A sense of energy and accomplishment filtered back
into the Administration. Long before Election Day, books were being published
about its legacy: an economy steered clear of a beckoning Depression, the
rescue of the automobile industry, Wall Street reform, the banning of torture,
the passage of Obamacare, marriage equality, and the Lily Ledbetter Fair Pay
Act, the end of the war in Iraq, heavy investment in renewable-energy
technologies, the appointment of Sonia Sotomayor and Elena Kagan to the Supreme
Court, the killing of Osama bin Laden, the Iran nuclear deal, the opening of
Cuba, the Paris agreement on climate change, two terms long on dignity and
short on scandal. Obama’s approval ratings reached a new high. Clinton’s
election as the first female President would complete the narrative, and Obama,
his aides suggested, would be free to sit in the healing sun of Oahu and
contemplate nothing more rigorous than the unrushed composition of a
high-priced memoir.
Air Force One landed at Fort Bragg and the motorcade
headed to a gym packed with supporters at Fayetteville State University.

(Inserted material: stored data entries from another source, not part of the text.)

Lemma edge_probE x z : edge_prob wL wR (x, z) = a x z.
Proof. by rewrite /edge_prob /= min_l ?prob_le1. Qed.

Lemma edge_prob_ge0 x z : 0 <= a x z.
Proof.
have M1_ge0 : 0 <= M 1.
  by rewrite /moment mulr_ge0 ?invr_ge0 // sumr_ge0 // => i _; rewrite expr1 ltW.
by rewrite /a divr_ge0 ?(mulr_ge0 (ler0n _ _) M1_ge0) // mulr_ge0 ?ltW.
Qed.

Lemma edge_prob2_ge0 x y z : 0 <= a x z * a y z.
Proof. exact: mulr_ge0 (edge_prob_ge0 x z) (edge_prob_ge0 y z). Qed.

Lemma edge_prob01 e : 0 <= edge_prob wL wR e <= 1.
Proof. by case: e => x z; rewrite edge_probE edge_prob_ge0 prob_le1. Qed.

Lemma sum_edge_prob2 x y : \sum_z a x z * a y z = pxy wL wR x y.
Proof.
have [n0|nR_gt0] := posnP nR.
  have n_eq0 : n = 0 by rewrite n0.
  rewrite big1 => [|[z hz] _]; last by exfalso; rewrite n0 in hz.
  by rewrite /pxy n_eq0 invr0 !mulr0.
have n_neq0 : n != 0 by rewrite pnatr_eq0 -lt0n.
have [M1_neq0 M2_neq0] : M 1 != 0 /\ M 2 != 0 by rewrite !gt_eqF ?moment_gt0.
transitivity (wL x * wL y / (n * M 1) ^+ 2 * \sum_z wR z ^+ 2).
  by rewrite mulr_sumr; apply: eq_bigr => z _; rewrite /a; field; rewrite ?M1_neq0 ?n_neq0.
by rewrite sum_pow_moment /pxy; field; rewrite ?M1_neq0 ?M2_neq0 ?n_neq0.
Qed.

Let q (z : 'I_nR) : R := a u z * a u1 z * a u2 z.

Lemma q_ge0 z : 0 <= q z.
Proof. exact: mulr_ge0 (edge_prob2_ge0 _ _ _) (edge_prob_ge0 _ _). Qed.

Lemma sum_edge_prob3 : \sum_z q z =
  pxy wL wR u u1 * pxy wL wR u u2 * (M 1 * M 3 / M 2 ^+ 2) * (wL u)^-1.
Proof.
have [n0|nR_gt0] := posnP nR.
  have n_eq0 : n = 0 by rewrite n0.
  rewrite big1 => [|[z hz] _]; last by exfalso; rewrite n0 in hz.
  by rewrite /pxy n_eq0 invr0 !mulr0 !mul0r.
have n_neq0 : n != 0 by rewrite pnatr_eq0 -lt0n.
have [M1_neq0 M2_neq0] : M 1 != 0 /\ M 2 != 0 by rewrite !gt_eqF ?moment_gt0.
have wu_neq0 : wL u != 0 by rewrite gt_eqF.
transitivity (wL u * wL u1 * wL u2 / (n * M 1) ^+ 3 * \sum_z wR z ^+ 3).
  by rewrite mulr_sumr; apply: eq_bigr => z _; rewrite /q /a; field; rewrite ?M1_neq0 ?n_neq0.
by rewrite sum_pow_moment /pxy; field; rewrite ?M1_neq0 ?M2_neq0 ?n_neq0 ?wu_neq0.
Qed.

Let star (z : 'I_nR) : seq ('I_nL * 'I_nR) := [:: (u, z); (u1, z); (u2, z)].

Let wedges (z1 z2 z3 : 'I_nR) : seq ('I_nL * 'I_nR) :=
  [:: (u, z1); (u1, z1); (u, z2); (u2, z2); (u1, z3); (u2, z3)].

Let distinct3 (z1 z2 z3 : 'I_nR) : bool := [&& z1 != z2, z1 != z3 & z2 != z3].

Let triangle (A : {set 'I_nL * 'I_nR}) : bool :=
  [&& proj_adj A u u1, proj_adj A u u2 & proj_adj A u1 u2].

Lemma star_triangle A z : covers A (star z) -> triangle A.
Proof.
case/and4P=> uz u1z u2z _; rewrite /triangle /proj_adj u_u1 u_u2 u1_u2 /=.
by apply/and3P; split; apply/existsP; exists z; apply/andP; split.
Qed.

Lemma triangle_witnesses A : triangle A ->
  [exists z, covers A (star z)] \/
  [exists z1, exists z2, exists z3,
     distinct3 z1 z2 z3 && covers A (wedges z1 z2 z3)].
Proof.
case/and3P=> /andP[_ /existsP[z1 /andP[uz1 u1z1]]]
  /andP[_ /existsP[z2 /andP[uz2 u2z2]]] /andP[_ /existsP[z3 /andP[u1z3 u2z3]]].
have [|/existsPn noStar] := boolP [exists z, covers A (star z)]; [by left|right].
apply/existsP; exists z1; apply/existsP; exists z2; apply/existsP; exists z3.
rewrite /covers /= uz1 u1z1 uz2 u2z2 u1z3 u2z3 !andbT.
apply/and3P; split; apply/negP => /eqP z_eq.
- by move: (noStar z1); rewrite /covers /= uz1 u1z1 z_eq u2z2.
- by move: (noStar z1); rewrite /covers /= uz1 u1z1 z_eq u2z3.
- by move: (noStar z2); rewrite /covers /= uz2 z_eq u1z3 u2z3.
Qed.

Lemma expect_star (z : 'I_nR) : E (fun A => (covers A (star z))%:R) = q z.
Proof.
rewrite expect_covers; last by rewrite /= !inE !xpair_eqE !left_neqE.
by rewrite !big_cons big_nil !edge_probE mulr1 mulrA.
Qed.

Lemma expect_star_pair (z z' : 'I_nR) : z != z' ->
  E (fun A => (covers A (star z))%:R * (covers A (star z'))%:R) = q z * q z'.
Proof.
move=> /negbTE z_z'; have z'_z : (z' == z) = false by rewrite eq_sym.
transitivity (E (fun A => (covers A (star z ++ star z'))%:R)).
  by apply: eq_bigr => A _; rewrite covers_cat.
rewrite expect_covers; last by rewrite /= !inE !xpair_eqE !left_neqE ?z_z' ?z'_z ?andbF.
by rewrite !big_cons big_nil !edge_probE mulr1 /q !mulrA.
Qed.

Lemma expect_wedges (z1 z2 z3 : 'I_nR) : distinct3 z1 z2 z3 ->
  E (fun A => (covers A (wedges z1 z2 z3))%:R) =
  (a u z1 * a u1 z1) * (a u z2 * a u2 z2) * (a u1 z3 * a u2 z3).
Proof.
case/and3P=> /negbTE z12 /negbTE z13 /negbTE z23.
have [z21 z31 z32] : [/\ (z2 == z1) = false, (z3 == z1) = false & (z3 == z2) = false].
  by split; rewrite eq_sym.
rewrite expect_covers; last first.
  by rewrite /= !inE !xpair_eqE !left_neqE ?z12 ?z13 ?z23 ?z21 ?z31 ?z32 ?andbF.
by rewrite !big_cons big_nil !edge_probE mulr1 !mulrA.
Qed.

Let common_count (A : {set 'I_nL * 'I_nR}) : R := \sum_z (covers A (star z))%:R.
Let common_pairs (A : {set 'I_nL * 'I_nR}) : R :=
  \sum_z \sum_(z' | z' != z) (covers A (star z))%:R * (covers A (star z'))%:R.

In
shirtsleeves and with crisp, practiced enthusiasm, Obama delivered his campaign
stump speech. His appeal for Clinton was rooted in the preservation of his own
legacy. “All the progress that we’ve made these last eight years,” he said,
“goes out the window if we don’t win this election!” He revived some of his
early tropes, cautioning the crowd not to be “bamboozled” by the G.O.P.—an echo
from Malcolm X—and recited the litany of Trump’s acts of disrespect toward
blacks, women, Muslims, the disabled, Gold Star parents.
I was standing to the side of the stage. Nearby, a
stout older man appeared in the aisle, dressed in a worn, beribboned military
uniform and holding a Trump sign. People spotted him quickly and the jeering
began. Then came the chant “Hil-la-ry! Hil-la-ry!”
Obama picked up the curdled vibe and located its
source. “Hold up!” he said. “Hold up!”
The crowd would not quiet down. He repeated the
phrase—“Hold up!”—sixteen more times, and still nothing. It took a long,
disturbing while before he could recapture the crowd’s attention and get people
to lay off the old man. What followed was a lecture in political civility.
“I’m serious, listen up,” he said. “You’ve got an
older gentleman who is supporting his candidate. . . . You don’t have to worry
about him. This is what I mean about folks not being focused. First, we live in
a country that respects free speech. Second of all, it looks like maybe he
might have served in our military, and we’ve got to respect that. Third of all,
he was elderly, and we’ve got to respect our elders. . . . Now, I want you to
pay attention. Because if we don’t, if we lose focus, we could have problems.”
That night in Hershey, Pennsylvania, Trump informed
his supporters that in Fayetteville Obama had been abusive to the protester:
“He spent so much time screaming at this protester and, frankly, it was a
disgrace.” Either Trump was retailing an account he’d found online in the
alt-right media or he was knowingly lying. In other words, Trump was Trump.